● **Exercise brief**
Your response should be the complete listing, returned exactly as written.

┌─ Provided material

(* (Computing the weighted, repeated argument sum.) For complex numbers $x_0,\dots,x_q$ (repetitions allowed) and $\tau\in\mathbb{R}$, $$\sum_{j=0}^q x_j\,e^{-\tau[x_0,\ldots,x_q,x_j]}=\begin{cases}(-x_0\tau-q)\,e^{-\tau[x_0,\ldots,x_q]}-\tau\,e^{-\tau[x_1,\ldots,x_q]}, & q>0,\\ -\tau x_0e^{-\tau x_0}, & q=0.\end{cases}$$
   Context: For $t\in\mathbb{R}$ and numbers $y_0,\dots,y_p$ (repetitions allowed), $e^{t[y_0,\ldots,y_p]}$ denotes the divided difference of $f(x)=e^{tx}$, $f[y_0,\ldots,y_p]=\frac{1}{2\pi i}\oint_\Gamma\frac{f(x)}{\prod_{i=0}^p(x-y_i)}\,\mathrm{d}x$, $\Gamma$ a positively oriented contour enclosing all $y_i$. The multiset $[x_0,\ldots,x_q,x_j]$ contains $x_j$ twice. *)

From Stdlib Require Import Reals List.
From Coquelicot Require Import Coquelicot.
Import ListNotations.
Open Scope C_scope.

Definition Cexp (z : C) : C :=
  (exp (fst z) * cos (snd z), exp (fst z) * sin (snd z))%R.

Definition node_prod (ys : list C) (z : C) : C :=
  fold_right (fun y acc => (z - y) * acc) 1 ys.

(* Radius of a circle centred at 0 enclosing all nodes strictly. *)
Definition enclosing_radius (ys : list C) : R :=
  (1 + fold_right (fun y acc => Cmod y + acc) 0 ys)%R.

(* Divided difference f[y_0,...,y_p] defined (as in the paper) by the contour
   integral (1/(2 pi i)) \oint_Gamma f(x) / prod_i (x - y_i) dx, where Gamma is the
   positively oriented circle |x| = r, r = enclosing_radius ys, parametrised by
   x = r e^{i theta}, theta in [0, 2 pi], dx = i r e^{i theta} d theta. *)
Definition divdiff (f : C -> C) (ys : list C) : C :=
  let r := enclosing_radius ys in
  / (2 * RtoC PI * Ci) *
  RInt (V := C_R_CompleteNormedModule)
    (fun theta : R =>
       let z := RtoC r * Cexp (RtoC 0 + Ci * RtoC theta) in
       f z / node_prod ys z * (Ci * z))
    0 (2 * PI).

Definition exp_dd (t : R) (ys : list C) : C :=
  divdiff (fun x => Cexp (RtoC t * x)) ys.

Definition Csum (l : list C) : C := fold_right Cplus 0 l.

(** Write [e^{t[ys]}] as the contour integral of [K_ys(z) = e^{t z} / prod_(y in ys) (z - y)]
    over a circle enclosing the nodes; differentiating in the radius shows that every such
    circle gives the same value.  Appending the node [x_j] divides [K] by [z - x_j], and
    [sum_j x_j / (z - x_j) = z S(z) - (q + 1)], where [S = sum_j 1 / (z - x_j)] is the
    logarithmic derivative of the node product.  Since [(z K)' = K ((t - S) z + 1)], the
    weighted sum of the integrands is [(t z - q) K - (z K)'], and the exact term integrates to
    zero around the circle.  Finally [z K_{x_0..x_q} = x_0 K_{x_0..x_q} + K_{x_1..x_q}], which
    yields [(t x_0 - q) e^{t[x_0..x_q]} + t e^{t[x_1..x_q]}], here with [t = -tau].
    For [q = 0] this leaves [t e^{t[]} = 0] (the integrand [t e^{t z} dz] is exact) and the
    Cauchy formula [e^{t[a]} = e^{t a}], obtained by moving the node [a] to [0] and then
    shrinking the circle to a point. *)

From Stdlib Require Import Reals List Lra.
From Coquelicot Require Import Coquelicot.
Import ListNotations.
Open Scope C_scope.
Let mU : measurable U := @measurable_unit_itv R.
Let mcore : measurable Wn_core := measurable_itv _.
Let mlow : measurable Wn_low := measurable_itv _.
Let mhigh : measurable Wn_high := measurable_itv _.
Let mB : measurable (compl01 Wn_core) := measurable_compl01 mcore.
Let BU : compl01 Wn_core `<=` U := @compl01_sub _ _.

Lemma lmeas_Wn_core_low : lmeas (Wn_core `&` Wn_low) <= e.
Proof.
have [r0 r12 e0 er _] := Wn_scale_bounds12.
have -> : e = (2^-1 - r) - (2^-1 - e - r) by ring.
apply: lmeas_le_itv; [lra|exact: measurableI| |].
- move=> x []; rewrite /Wn_core /Wn_low /= !in_itv /= => /andP[? ?] ?.
  by apply/andP.
- move=> x; rewrite /= in_itv /= => /andP[? ?]; apply: Wn_core_sub.
  by rewrite /Wn_core /= in_itv /=; apply/andP; split; lra.
Qed.

Lemma lmeas_Wn_core_high : lmeas (Wn_core `&` Wn_high) <= e.
Proof.
have [r0 r12 e0 er _] := Wn_scale_bounds12.
have -> : e = (2^-1 + e + r) - (2^-1 + r) by ring.
apply: lmeas_le_itv; [lra|exact: measurableI| |].
- move=> x []; rewrite /Wn_core /Wn_high /= !in_itv /= ?andbT => /andP[? ?] ?.
  by apply/andP.
- move=> x; rewrite /= in_itv /= => /andP[? ?]; apply: Wn_core_sub.
  by rewrite /Wn_core /= in_itv /=; apply/andP; split; lra.
Qed.

Lemma Wn_cut_core_le : edges (@Wn R n) Wn_core (compl01 Wn_core) <= 2 * e.
Proof.
have [r0 r12 e0 er _] := Wn_scale_bounds12.
have mlh : measurable (Wn_low `*` Wn_high `|` Wn_high `*` Wn_low).
  by apply: measurableU; exact: measurableX.
rewrite WnE; apply: le_trans (edges_indicU_le _ _ _ _ mlh (measurableX mcore mcore)) _ => //;
  try exact: Wn_core_sub.
apply: le_trans (lerD (edges_indicU_le _ _ _ _ (measurableX mlow mhigh) (measurableX mhigh mlow))
  (lexx _)) _ => //; try exact: Wn_core_sub.
rewrite !edges_indic_setX //; try exact: Wn_core_sub.
have -> : compl01 Wn_core `&` Wn_core = set0.
  by apply/seteqP; split => // x [[_ ?] ?].
have B_le1 I : measurable I -> lmeas (compl01 Wn_core `&` I) <= 1.
  by move=> mI; apply: lmeas_le1; [exact: measurableI|exact: subIset (or_introl BU)].
rewrite lmeas0 mulr0 addr0.
have := ler_pM (lmeas_ge0 _) (lmeas_ge0 _) lmeas_Wn_core_low (B_le1 _ mhigh).
have := ler_pM (lmeas_ge0 _) (lmeas_ge0 _) lmeas_Wn_core_high (B_le1 _ mlow).
lra.
Qed.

└─

● **Answer to this problem**
(* (Computing the weighted, repeated argument sum.) For complex numbers $x_0,\dots,x_q$ (repetitions allowed) and $\tau\in\mathbb{R}$, $$\sum_{j=0}^q x_j\,e^{-\tau[x_0,\ldots,x_q,x_j]}=\begin{cases}(-x_0\tau-q)\,e^{-\tau[x_0,\ldots,x_q]}-\tau\,e^{-\tau[x_1,\ldots,x_q]}, & q>0,\\ -\tau x_0e^{-\tau x_0}, & q=0.\end{cases}$$
   Context: For $t\in\mathbb{R}$ and numbers $y_0,\dots,y_p$ (repetitions allowed), $e^{t[y_0,\ldots,y_p]}$ denotes the divided difference of $f(x)=e^{tx}$, $f[y_0,\ldots,y_p]=\frac{1}{2\pi i}\oint_\Gamma\frac{f(x)}{\prod_{i=0}^p(x-y_i)}\,\mathrm{d}x$, $\Gamma$ a positively oriented contour enclosing all $y_i$. The multiset $[x_0,\ldots,x_q,x_j]$ contains $x_j$ twice. *)

From Stdlib Require Import Reals List.
From Coquelicot Require Import Coquelicot.
Import ListNotations.
Open Scope C_scope.

Definition Cexp (z : C) : C :=
  (exp (fst z) * cos (snd z), exp (fst z) * sin (snd z))%R.

Definition node_prod (ys : list C) (z : C) : C :=
  fold_right (fun y acc => (z - y) * acc) 1 ys.

(* Radius of a circle centred at 0 enclosing all nodes strictly. *)
Definition enclosing_radius (ys : list C) : R :=
  (1 + fold_right (fun y acc => Cmod y + acc) 0 ys)%R.

(* Divided difference f[y_0,...,y_p] defined (as in the paper) by the contour
   integral (1/(2 pi i)) \oint_Gamma f(x) / prod_i (x - y_i) dx, where Gamma is the
   positively oriented circle |x| = r, r = enclosing_radius ys, parametrised by
   x = r e^{i theta}, theta in [0, 2 pi], dx = i r e^{i theta} d theta. *)
Definition divdiff (f : C -> C) (ys : list C) : C :=
  let r := enclosing_radius ys in
  / (2 * RtoC PI * Ci) *
  RInt (V := C_R_CompleteNormedModule)
    (fun theta : R =>
       let z := RtoC r * Cexp (RtoC 0 + Ci * RtoC theta) in
       f z / node_prod ys z * (Ci * z))
    0 (2 * PI).

Definition exp_dd (t : R) (ys : list C) : C :=
  divdiff (fun x => Cexp (RtoC t * x)) ys.

Definition Csum (l : list C) : C := fold_right Cplus 0 l.

(** Write [e^{t[ys]}] as the contour integral of [K_ys(z) = e^{t z} / prod_(y in ys) (z - y)]
    over a circle enclosing the nodes; differentiating in the radius shows that every such
    circle gives the same value.  Appending the node [x_j] divides [K] by [z - x_j], and
    [sum_j x_j / (z - x_j) = z S(z) - (q + 1)], where [S = sum_j 1 / (z - x_j)] is the
    logarithmic derivative of the node product.  Since [(z K)' = K ((t - S) z + 1)], the
    weighted sum of the integrands is [(t z - q) K - (z K)'], and the exact term integrates to
    zero around the circle.  Finally [z K_{x_0..x_q} = x_0 K_{x_0..x_q} + K_{x_1..x_q}], which
    yields [(t x_0 - q) e^{t[x_0..x_q]} + t e^{t[x_1..x_q]}], here with [t = -tau].
    For [q = 0] this leaves [t e^{t[]} = 0] (the integrand [t e^{t z} dz] is exact) and the
    Cauchy formula [e^{t[a]} = e^{t a}], obtained by moving the node [a] to [0] and then
    shrinking the circle to a point. *)

From Stdlib Require Import Reals List Lra.
From Coquelicot Require Import Coquelicot.
Import ListNotations.
Open Scope C_scope.
Let mU : measurable U := @measurable_unit_itv R.
Let mcore : measurable Wn_core := measurable_itv _.
Let mlow : measurable Wn_low := measurable_itv _.
Let mhigh : measurable Wn_high := measurable_itv _.
Let mB : measurable (compl01 Wn_core) := measurable_compl01 mcore.
Let BU : compl01 Wn_core `<=` U := @compl01_sub _ _.

Lemma lmeas_Wn_core_low : lmeas (Wn_core `&` Wn_low) <= e.
Proof.
have [r0 r12 e0 er _] := Wn_scale_bounds12.
have -> : e = (2^-1 - r) - (2^-1 - e - r) by ring.
apply: lmeas_le_itv; [lra|exact: measurableI| |].
- move=> x []; rewrite /Wn_core /Wn_low /= !in_itv /= => /andP[? ?] ?.
  by apply/andP.
- move=> x; rewrite /= in_itv /= => /andP[? ?]; apply: Wn_core_sub.
  by rewrite /Wn_core /= in_itv /=; apply/andP; split; lra.
Qed.

Lemma lmeas_Wn_core_high : lmeas (Wn_core `&` Wn_high) <= e.
Proof.
have [r0 r12 e0 er _] := Wn_scale_bounds12.
have -> : e = (2^-1 + e + r) - (2^-1 + r) by ring.
apply: lmeas_le_itv; [lra|exact: measurableI| |].
- move=> x []; rewrite /Wn_core /Wn_high /= !in_itv /= ?andbT => /andP[? ?] ?.
  by apply/andP.
- move=> x; rewrite /= in_itv /= => /andP[? ?]; apply: Wn_core_sub.
  by rewrite /Wn_core /= in_itv /=; apply/andP; split; lra.
Qed.

Lemma Wn_cut_core_le : edges (@Wn R n) Wn_core (compl01 Wn_core) <= 2 * e.
Proof.
have [r0 r12 e0 er _] := Wn_scale_bounds12.
have mlh : measurable (Wn_low `*` Wn_high `|` Wn_high `*` Wn_low).
  by apply: measurableU; exact: measurableX.
rewrite WnE; apply: le_trans (edges_indicU_le _ _ _ _ mlh (measurableX mcore mcore)) _ => //;
  try exact: Wn_core_sub.
apply: le_trans (lerD (edges_indicU_le _ _ _ _ (measurableX mlow mhigh) (measurableX mhigh mlow))
  (lexx _)) _ => //; try exact: Wn_core_sub.
rewrite !edges_indic_setX //; try exact: Wn_core_sub.
have -> : compl01 Wn_core `&` Wn_core = set0.
  by apply/seteqP; split => // x [[_ ?] ?].
have B_le1 I : measurable I -> lmeas (compl01 Wn_core `&` I) <= 1.
  by move=> mI; apply: lmeas_le1; [exact: measurableI|exact: subIset (or_introl BU)].
rewrite lmeas0 mulr0 addr0.
have := ler_pM (lmeas_ge0 _) (lmeas_ge0 _) lmeas_Wn_core_low (B_le1 _ mhigh).
have := ler_pM (lmeas_ge0 _) (lmeas_ge0 _) lmeas_Wn_core_high (B_le1 _ mlow).
lra.
Qed.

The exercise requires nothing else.